In Seeing Stars for the First Time, A Life Changed
By Brian Smith
How would you feel if you saw stars for the first time?
Yes, the very first time.
For Kelly, the feelings and emotions evoked by gazing up at something we all take for granted is still, six years later, hard to put into words.
Kelly, who is visually impaired, went on a Leading the Way expedition into the Grand Canyon. It happened like this, one night, away from the bright city lights of her hometown:
“The group I was with was looking at the stars and talking to each other about how beautiful they were and I was like, ‘Whatever. Stars – I’ve never seen them, so I’m going to have a bad attitude.’”
She looked up, anyways.
“But, I could see them. I could see a bunch of stars. The really bright ones I could see really well,” she said. “I didn’t know what to say or do for a couple seconds because they were so mind-blowingly beautiful. Hearing about stars and hearing about what people describe them to be is nothing compared to actually seeing them and just having a better understanding of the hugeness of everything. It was amazing.”
Kelly said she hasn’t been able to replicate the feeling in any other activity since.
“I don’t know if there are words. … A kind of humbleness and tininess, but at the same time, significance,” she said.
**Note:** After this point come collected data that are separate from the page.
(* Suppose $\mathbf{X}=\mathbf{D}_1\boldsymbol{\Gamma}_1$, $\boldsymbol{\Gamma}_{i-1}=\mathbf{D}_i\boldsymbol{\Gamma}_i$ for $2\le i\le K$, all $\boldsymbol{\Gamma}_i\ne0$, and $\mathbf{Y}=\mathbf{X}+\mathbf{E}$ with $\|\mathbf{E}\|_{2,\infty}^{p}\le\epsilon_0$. Let $|\Gamma_i^{\min}|,|\Gamma_i^{\max}|$ be the smallest and largest absolute values of the nonzero entries of $\boldsymbol{\Gamma}_i$. Let $\hat{\boldsymbol{\Gamma}}_0=\mathbf{Y}$ and $\hat{\boldsymbol{\Gamma}}_i=\mathcal{H}_{\beta_i}(\mathbf{D}_i^T\hat{\boldsymbol{\Gamma}}_{i-1})$ for $1\le i\le K$ (layered hard thresholding). Define recursively $$\epsilon_i=\sqrt{\|\boldsymbol{\Gamma}_i\|_{0,\infty}^{p}}\,\big(\epsilon_{i-1}+\mu(\mathbf{D}_i)(\|\boldsymbol{\Gamma}_i\|_{0,\infty}^{s}-1)|\Gamma_i^{\max}|\big).$$ Assume that for all $1\le i\le K$: (a) $\|\boldsymbol{\Gamma}_i\|_{0,\infty}^{s}<\tfrac12\Big(1+\tfrac{1}{\mu(\mathbf{D}_i)}\tfrac{|\Gamma_i^{\min}|}{|\Gamma_i^{\max}|}\Big)-\tfrac{1}{\mu(\mathbf{D}_i)}\tfrac{\epsilon_{i-1}}{|\Gamma_i^{\max}|}$; and (b) $|\Gamma_i^{\min}|-(\|\boldsymbol{\Gamma}_i\|_{0,\infty}^{s}-1)\mu(\mathbf{D}_i)|\Gamma_i^{\max}|-\epsilon_{i-1}>\beta_i>\|\boldsymbol{\Gamma}_i\|_{0,\infty}^{s}\mu(\mathbf{D}_i)|\Gamma_i^{\max}|+\epsilon_{i-1}$. Then for all $1\le i\le K$: (1) the support of $\hat{\boldsymbol{\Gamma}}_i$ equals that of $\boldsymbol{\Gamma}_i$; and (2) $\|\boldsymbol{\Gamma}_i-\hat{\boldsymbol{\Gamma}}_i\|_{2,\infty}^{p}\le\epsilon_i$.
   Context: Setting. Signals are one-dimensional of length $N$ with periodic boundary conditions; $m_0=1$, $\boldsymbol{\Gamma}_0=\mathbf{X}$. For $i\ge1$, $\boldsymbol{\Gamma}_i\in\mathbb{R}^{Nm_i}$ has entry $km_i+r$ equal to the coefficient of filter $r$ at spatial shift $k$. $\mathbf{D}_i\in\mathbb{R}^{Nm_{i-1}\times Nm_i}$ is a (stride) convolutional dictionary whose column $km_i+r$ is local filter $r$ (length $n_{i-1}m_{i-1}$) placed cyclically on entries $km_{i-1},\dots,km_{i-1}+n_{i-1}m_{i-1}-1$, zero elsewhere. Columns have unit $\ell_2$ norm; $\mu(\mathbf{D})=\max_{i\neq j}|\mathbf{d}_i^T\mathbf{d}_j|$. Stripes: $\mathbf{S}_{i,j}\boldsymbol{\Gamma}_i$ is the subvector of $\boldsymbol{\Gamma}_i$ at spatial shifts $k\in\{j-n_{i-1}+1,\dots,j+n_{i-1}-1\}$ (mod $N$), all channels; $\|\boldsymbol{\Gamma}_i\|_{0,\infty}^{s}=\max_j\|\mathbf{S}_{i,j}\boldsymbol{\Gamma}_i\|_0$. Patches: for $i\ge0$, $\mathbf{P}_{i,j}\mathbf{V}$ extracts from $\mathbf{V}\in\mathbb{R}^{Nm_i}$ the cyclically contiguous subvector at spatial shifts $j,\dots,j+n_i-1$, all channels (length $n_im_i$); $\|\mathbf{V}\|_{2,\infty}^{p}=\max_j\|\mathbf{P}_{i,j}\mathbf{V}\|_2$, $\|\mathbf{V}\|_{0,\infty}^{p}=\max_j\|\mathbf{P}_{i,j}\mathbf{V}\|_0$. For the last layer $\boldsymbol{\Gamma}_K$, the patch size $n_K$ is an arbitrary fixed choice. Hard thresholding: $\mathcal{H}_\beta$ acts entrywise, $\mathcal{H}_\beta(z)=z$ if $|z|>\beta$ and $0$ otherwise. *)

(* R is an arbitrary real closed field (rcfType), which
   covers the real numbers; only algebraic operations (incl. sqrt) are used. *)
From HB Require Import structures.
From mathcomp Require Import all_boot all_order all_algebra.
Set Implicit Arguments. Unset Strict Implicit. Unset Printing Implicit Defensive.
Import Order.TTheory GRing.Theory Num.Theory.
Local Open Scope ring_scope.

Definition HT (R : numDomainType) (b : R) (p : nat) (v : 'cV[R]_p) : 'cV[R]_p :=
  map_mx (fun z => if b < `|z| then z else 0) v.

(* Entry (a, c) of a (stride) convolutional dictionary of size
   N*mp x N*mc, built from local filters f r (length np*mp):
   column c = k*mc + r is filter r placed cyclically on rows
   k*mp, ..., k*mp + np*mp - 1 (mod N*mp), zero elsewhere. *)
Definition conv_entry (R : numDomainType) (N mp np mc : nat)
  (f : nat -> nat -> R) (a c : nat) : R :=
  let k := (c %/ mc)%N in
  let r := (c %% mc)%N in
  let t := ((a + N * mp - (k * mp) %% (N * mp)) %% (N * mp))%N in
  if (t < np * mp)%N then f r t else 0.

Definition is_conv_dict (R : numDomainType) (N mp np mc : nat)
  (D : 'M[R]_(N * mp, N * mc)) : Prop :=
  exists f : nat -> nat -> R, forall a c, D a c = conv_entry N mp np mc f a c.

Definition unit_cols (R : numDomainType) (p q : nat) (D : 'M[R]_(p, q)) : Prop :=
  forall c : 'I_q, \sum_(a < p) D a c ^+ 2 = 1.

Definition mutual_coherence (R : realDomainType) (p q : nat) (D : 'M[R]_(p, q)) : R :=
  \big[Num.max/0]_(a < q) \big[Num.max/0]_(b < q | b != a)
     `| \sum_(r < p) D r a * D r b |.

(* spatial shift k lies in stripe j: k in {j-np+1, ..., j+np-1} (mod N) *)
Definition in_stripe (N np j k : nat) : bool :=
  [exists d : 'I_((2 * np).-1), ((k + np.-1) %% N == (j + d) %% N)%N].

(* ||G||_{0,inf}^s  (np = n_{i-1}, mc = m_i) *)
Definition stripe_l0 (R : numDomainType) (N np mc : nat) (G : 'cV[R]_(N * mc)) : nat :=
  \max_(j < N) #|[set c : 'I_(N * mc) | (G c ord0 != 0%R) && in_stripe N np j (c %/ mc)]|.

(* index c (= k*mc + r) belongs to patch j: k in {j, ..., j+nc-1} (mod N) *)
Definition in_patch (N nc mc j c : nat) : bool :=
  [exists s : 'I_nc, (c %/ mc == (j + s) %% N)%N].

Definition patch_l0 (R : numDomainType) (N nc mc : nat) (G : 'cV[R]_(N * mc)) : nat :=
  \max_(j < N) #|[set c : 'I_(N * mc) | (G c ord0 != 0%R) && in_patch N nc mc j c]|.

Definition patch_l2 (R : rcfType) (N nc mc : nat) (G : 'cV[R]_(N * mc)) : R :=
  \big[Num.max/0]_(j < N)
     Num.sqrt (\sum_(c < N * mc | in_patch N nc mc j c) G c ord0 ^+ 2).

Definition gmax (R : realDomainType) (p : nat) (G : 'cV[R]_p) : R :=
  \big[Num.max/0]_(c < p) `|G c ord0|.
Definition gmin (R : realDomainType) (p : nat) (G : 'cV[R]_p) : R :=
  \big[Num.min/gmax G]_(c < p | G c ord0 != 0%R) `|G c ord0|.

Definition supp (R : numDomainType) (p : nat) (G : 'cV[R]_p) : {set 'I_p} :=
  [set c | G c ord0 != 0].

Arguments is_conv_dict {R} N mp np mc D.
Arguments stripe_l0 {R} N np mc G.
Arguments patch_l0 {R} N nc mc G.
Arguments patch_l2 {R} N nc mc G.

From HB Require Import structures.
From mathcomp Require Import all_boot all_order all_algebra zify ring lra.
Import Order.TTheory GRing.Theory Num.Theory.
Local Open Scope ring_scope.

(* Write D^T Y = G + (D^T D - I) G + D^T (Y - D G).  An entry of (D^T D - I) G
   only involves the nonzeros of G in the stripe around the entry (the other
   atoms do not overlap), each weighted by at most mu(D), and an atom lives in
   one patch, so by Cauchy-Schwarz the noise term is bounded by the patch norm
   of Y - D G.  Hence every entry of D^T Y is within (s - 1) mu |G^max| + eps
   of G on the support of G and below s mu |G^max| + eps off it; a threshold
   beta between these levels recovers the support exactly, and the entrywise
   error, summed over a patch containing at most ||G||_{0,inf}^p nonzeros,
   gives the next eps. *)

Lemma ltn_divn_mul {N mc c : nat} : (c < N * mc)%N -> (c %/ mc < N)%N.
Proof. by case: mc => [|mc]; [rewrite muln0 | rewrite ltn_divLR]. Qed.

Lemma modn_mul_addr_small (N x mp t : nat) : (t < mp)%N ->
  ((x * mp + t) %% (N * mp) = x %% N * mp + t)%N.
Proof.
move=> ltt; case: N => [|N]; first by rewrite !modn0.
rewrite {1}(divn_eq x N.+1) mulnDl -mulnA -addnA modnMDl modn_small //.
have : (x %% N.+1 < N.+1)%N by rewrite ltn_mod.
nia.
Qed.

Lemma conv_entry_neq0_shift {R : numDomainType} {N mp np mc : nat}
    {f : nat -> nat -> R} {a c : nat} :
  (a < N * mp)%N -> (c %/ mc < N)%N -> conv_entry N mp np mc f a c != 0 ->
  exists2 u, (u < np)%N & (a %/ mp = (c %/ mc + u) %% N)%N.
Proof.
rewrite /conv_entry => lta ltk; set k := (c %/ mc)%N in ltk *.
have mp_gt0 : (0 < mp)%N by case: mp lta => //; rewrite muln0.
have ltkN : (k * mp < N * mp)%N by rewrite ltn_pmul2r.
rewrite (modn_small ltkN); set t := ((a + N * mp - k * mp) %% (N * mp))%N.
case: ifP => [ltt _|]; last by rewrite eqxx.
exists (t %/ mp)%N; first by rewrite ltn_divLR.
have a_eq : ((t + k * mp) %% (N * mp) = a)%N.
  by rewrite /t modnDml subnK ?modnDr ?modn_small //; lia.
have t_eq : (t + k * mp = (t %/ mp + k) * mp + t %% mp)%N.
  by rewrite {1}(divn_eq t mp) mulnDl; lia.
have ltr : (t %% mp < mp)%N by rewrite ltn_mod.
by rewrite -a_eq t_eq modn_mul_addr_small // divnMDl // (divn_small ltr) addn0 addnC.
Qed.

Lemma in_stripe_of_common_shift {N np k k' u u' : nat} :
  (u < np)%N -> (u' < np)%N -> ((k + u) %% N = (k' + u') %% N)%N ->
  in_stripe N np k k'.
Proof.
move=> ltu ltu' eq_shift; apply/existsP.
have ltd : (np.-1 + u - u' < (2 * np).-1)%N by lia.
exists (Ordinal ltd) => /=.
have -> : (k + (np.-1 + u - u') = k + u + (np.-1 - u'))%N by lia.
apply/eqP; rewrite -(modnDml (k + u)) eq_shift modnDml; congr (_ %% _)%N; lia.
Qed.

Lemma in_stripe_refl (N np k : nat) : (0 < np)%N -> in_stripe N np k k.
Proof. by move=> np_gt0; apply: (@in_stripe_of_common_shift _ _ _ _ 0 0). Qed.

Lemma sqr_sum_mul_le_unit {R : rcfType} {I : finType} {P : pred I} {x : I -> R}
    (y : I -> R) :
  \sum_(i | P i) x i ^+ 2 = 1 ->
  (\sum_(i | P i) x i * y i) ^+ 2 <= \sum_(i | P i) y i ^+ 2.
Proof.
move=> unit_x; set l := \sum_(i | P i) x i * y i.
have : 0 <= \sum_(i | P i) (y i - l * x i) ^+ 2.
  by apply: sumr_ge0 => i _; exact: sqr_ge0.
have -> : \sum_(i | P i) (y i - l * x i) ^+ 2 =
    \sum_(i | P i) y i ^+ 2 - (l * 2) * l + l ^+ 2 * \sum_(i | P i) x i ^+ 2.
  rewrite /l mulr_sumr mulr_sumr -!sumrN -!big_split /=.
  by apply: eq_bigr => i _; rewrite -/l; ring.
rewrite unit_x; lra.
Qed.

Lemma coherence_ge0 (R : realDomainType) (p q : nat) (D : 'M[R]_(p, q)) :
  0 <= mutual_coherence D.
Proof. exact: bigmax_ge_id. Qed.

Lemma col_dot_le_coherence (R : realDomainType) (p q : nat) (D : 'M[R]_(p, q))
    (c c' : 'I_q) :
  c' != c -> `|\sum_r D r c * D r c'| <= mutual_coherence D.
Proof.
move=> neq_c; apply: le_trans (le_bigmax _ _ c).
exact: (le_bigmax_cond _ (fun b : 'I_q => `|\sum_r D r c * D r b|) neq_c).
Qed.

Lemma gmax_ge0 (R : realDomainType) (p : nat) (G : 'cV[R]_p) : 0 <= gmax G.
Proof. exact: bigmax_ge_id. Qed.

Lemma le_gmax (R : realDomainType) (p : nat) (G : 'cV[R]_p) c : `|G c ord0| <= gmax G.
Proof. exact: (le_bigmax _ (fun c : 'I_p => `|G c ord0|)). Qed.

Lemma gmin_le {R : realDomainType} {p : nat} {G : 'cV[R]_p} {c} :
  G c ord0 != 0 -> gmin G <= `|G c ord0|.
Proof. exact: (bigmin_le_cond _ (fun c : 'I_p => `|G c ord0|)). Qed.

Lemma patch_l2_ge0 (R : rcfType) (N nc mc : nat) (G : 'cV[R]_(N * mc)) :
  0 <= patch_l2 N nc mc G.
Proof. exact: bigmax_ge_id. Qed.

Lemma patch_l2_distC (R : rcfType) (N nc mc : nat) (A B : 'cV[R]_(N * mc)) :
  patch_l2 N nc mc (A - B) = patch_l2 N nc mc (B - A).
Proof.
apply: eq_bigr => j _; congr Num.sqrt; apply: eq_bigr => c _.
by rewrite !mxE -opprB sqrrN.
Qed.

Lemma patch_l2_le_sqrt_patch_l0 (R : rcfType) (N nc mc : nat)
    (G V : 'cV[R]_(N * mc)) (b : R) :
  0 <= b -> (forall c, G c ord0 = 0 -> V c ord0 = 0) ->
  (forall c, `|V c ord0| <= b) ->
  patch_l2 N nc mc V <= Num.sqrt (patch_l0 N nc mc G)%:R * b.
Proof.
move=> b_ge0 suppV leVb.
apply: bigmax_le => [|j _]; first by rewrite mulr_ge0 ?sqrtr_ge0.
set A := [set c | (G c ord0 != 0) && in_patch N nc mc j c].
have cardA : (#|A| <= patch_l0 N nc mc G)%N.
  exact: (leq_bigmax (F := fun j : 'I_N =>
    #|[set c : 'I_(N * mc) | (G c ord0 != 0) && in_patch N nc mc j c]|)).
rewrite -(ger0_norm b_ge0) -sqrtr_sqr -sqrtrM //; apply: ler_wsqrtr.
apply: (@le_trans _ _ (\sum_(c in A) b ^+ 2)); last first.
  rewrite sumr_const -[_ *+ #|A|]mulr_natl.
  by apply: ler_wpM2r; [exact: sqr_ge0 | rewrite ler_nat].
rewrite big_mkcond [X in _ <= X]big_mkcond /=; apply: ler_sum => c _.
rewrite inE andbC; case: in_patch => //=; have [Gc0|_] := eqVneq (G c ord0) 0.
  by rewrite suppV // expr0n.
by rewrite -real_normK ?num_real // lerXn2r ?nnegrE.
Qed.

Section ConvDictionary.
Local Set Implicit Arguments.
Local Unset Strict Implicit.

Variables (R : rcfType) (N mp np mc : nat) (D : 'M[R]_(N * mp, N * mc)).
Hypotheses (convD : is_conv_dict N mp np mc D) (unitD : unit_cols D).

Definition stripe_supp (G : 'cV[R]_(N * mc)) (c : 'I_(N * mc)) : {set 'I_(N * mc)} :=
  [set c' | (G c' ord0 != 0) && in_stripe N np (c %/ mc) (c' %/ mc)].

Lemma card_stripe_supp (G : 'cV[R]_(N * mc)) c :
  (#|stripe_supp G c| <= stripe_l0 N np mc G)%N.
Proof.
rewrite /stripe_supp /stripe_l0.
exact: (leq_bigmax (F := fun j : 'I_N => #|[set c' : 'I_(N * mc) |
  (G c' ord0 != 0) && in_stripe N np j (c' %/ mc)]|)
  (Ordinal (ltn_divn_mul (ltn_ord c)))).
Qed.

Lemma conv_dict_neq0_shift a c : D a c != 0 ->
  exists2 u, (u < np)%N & (a %/ mp = (c %/ mc + u) %% N)%N.
Proof.
have [f Df] := convD; rewrite Df.
exact: conv_entry_neq0_shift (ltn_ord a) (ltn_divn_mul (ltn_ord c)).
Qed.

Lemma conv_col_dot_eq0 (c c' : 'I_(N * mc)) :
  ~~ in_stripe N np (c %/ mc) (c' %/ mc) -> \sum_a D a c * D a c' = 0.
Proof.
move=> not_stripe; apply: big1 => a _.
have [->|/conv_dict_neq0_shift[u ltu eq_a]] := eqVneq (D a c) 0; first by rewrite mul0r.
have [->|/conv_dict_neq0_shift[u' ltu' eq_a']] := eqVneq (D a c') 0.
  by rewrite mulr0.
by rewrite (in_stripe_of_common_shift ltu ltu') -?eq_a -?eq_a' in not_stripe.
Qed.

Lemma conv_col_dot_le_patch_l2 (Y : 'cV[R]_(N * mp)) c :
  `|\sum_a D a c * Y a ord0| <= patch_l2 N np mp Y.
Proof.
have ltk := ltn_divn_mul (ltn_ord c).
set S := in_patch N np mp (c %/ mc).
have D_out : forall a : 'I_(N * mp), ~~ S a -> D a c = 0.
  move=> a; apply: contraNeq => /conv_dict_neq0_shift[u ltu eq_a].
  by apply/existsP; exists (Ordinal ltu); rewrite /= eq_a.
have restrict (F : 'I_(N * mp) -> R) : (forall a, D a c = 0 -> F a = 0) ->
    \sum_a F a = \sum_(a < N * mp | S a) F a.
  move=> F0; rewrite [RHS]big_mkcond; apply: eq_bigr => a _.
  by case: ifP => // Sa; rewrite F0 // D_out ?Sa.
rewrite restrict => [|a ->]; last by rewrite mul0r.
have unit_S : \sum_(a < N * mp | S a) D a c ^+ 2 = 1.
  by rewrite -(unitD c) (restrict (fun a => D a c ^+ 2)) // => a ->; rewrite expr0n.
rewrite -sqrtr_sqr.
apply: le_trans (ler_wsqrtr (sqr_sum_mul_le_unit (fun a => Y a ord0) unit_S)) _.
exact: (le_bigmax _ (fun j : 'I_N =>
  Num.sqrt (\sum_(a < N * mp | in_patch N np mp j a) Y a ord0 ^+ 2)) (Ordinal ltk)).
Qed.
The trip as a whole changed her life, she said. Even though she has a degree in engineering, she now “has the best job ever” working with blind and visually impaired children in Denver.
She said she thinks daily of her No Barriers Youth trip and tries to replicate the experience through her work and in her daily life.
“Just wanting to see the dynamic our group had continue in kind of everything I do and wanting to support people in the way I was supported on that trip,” she said.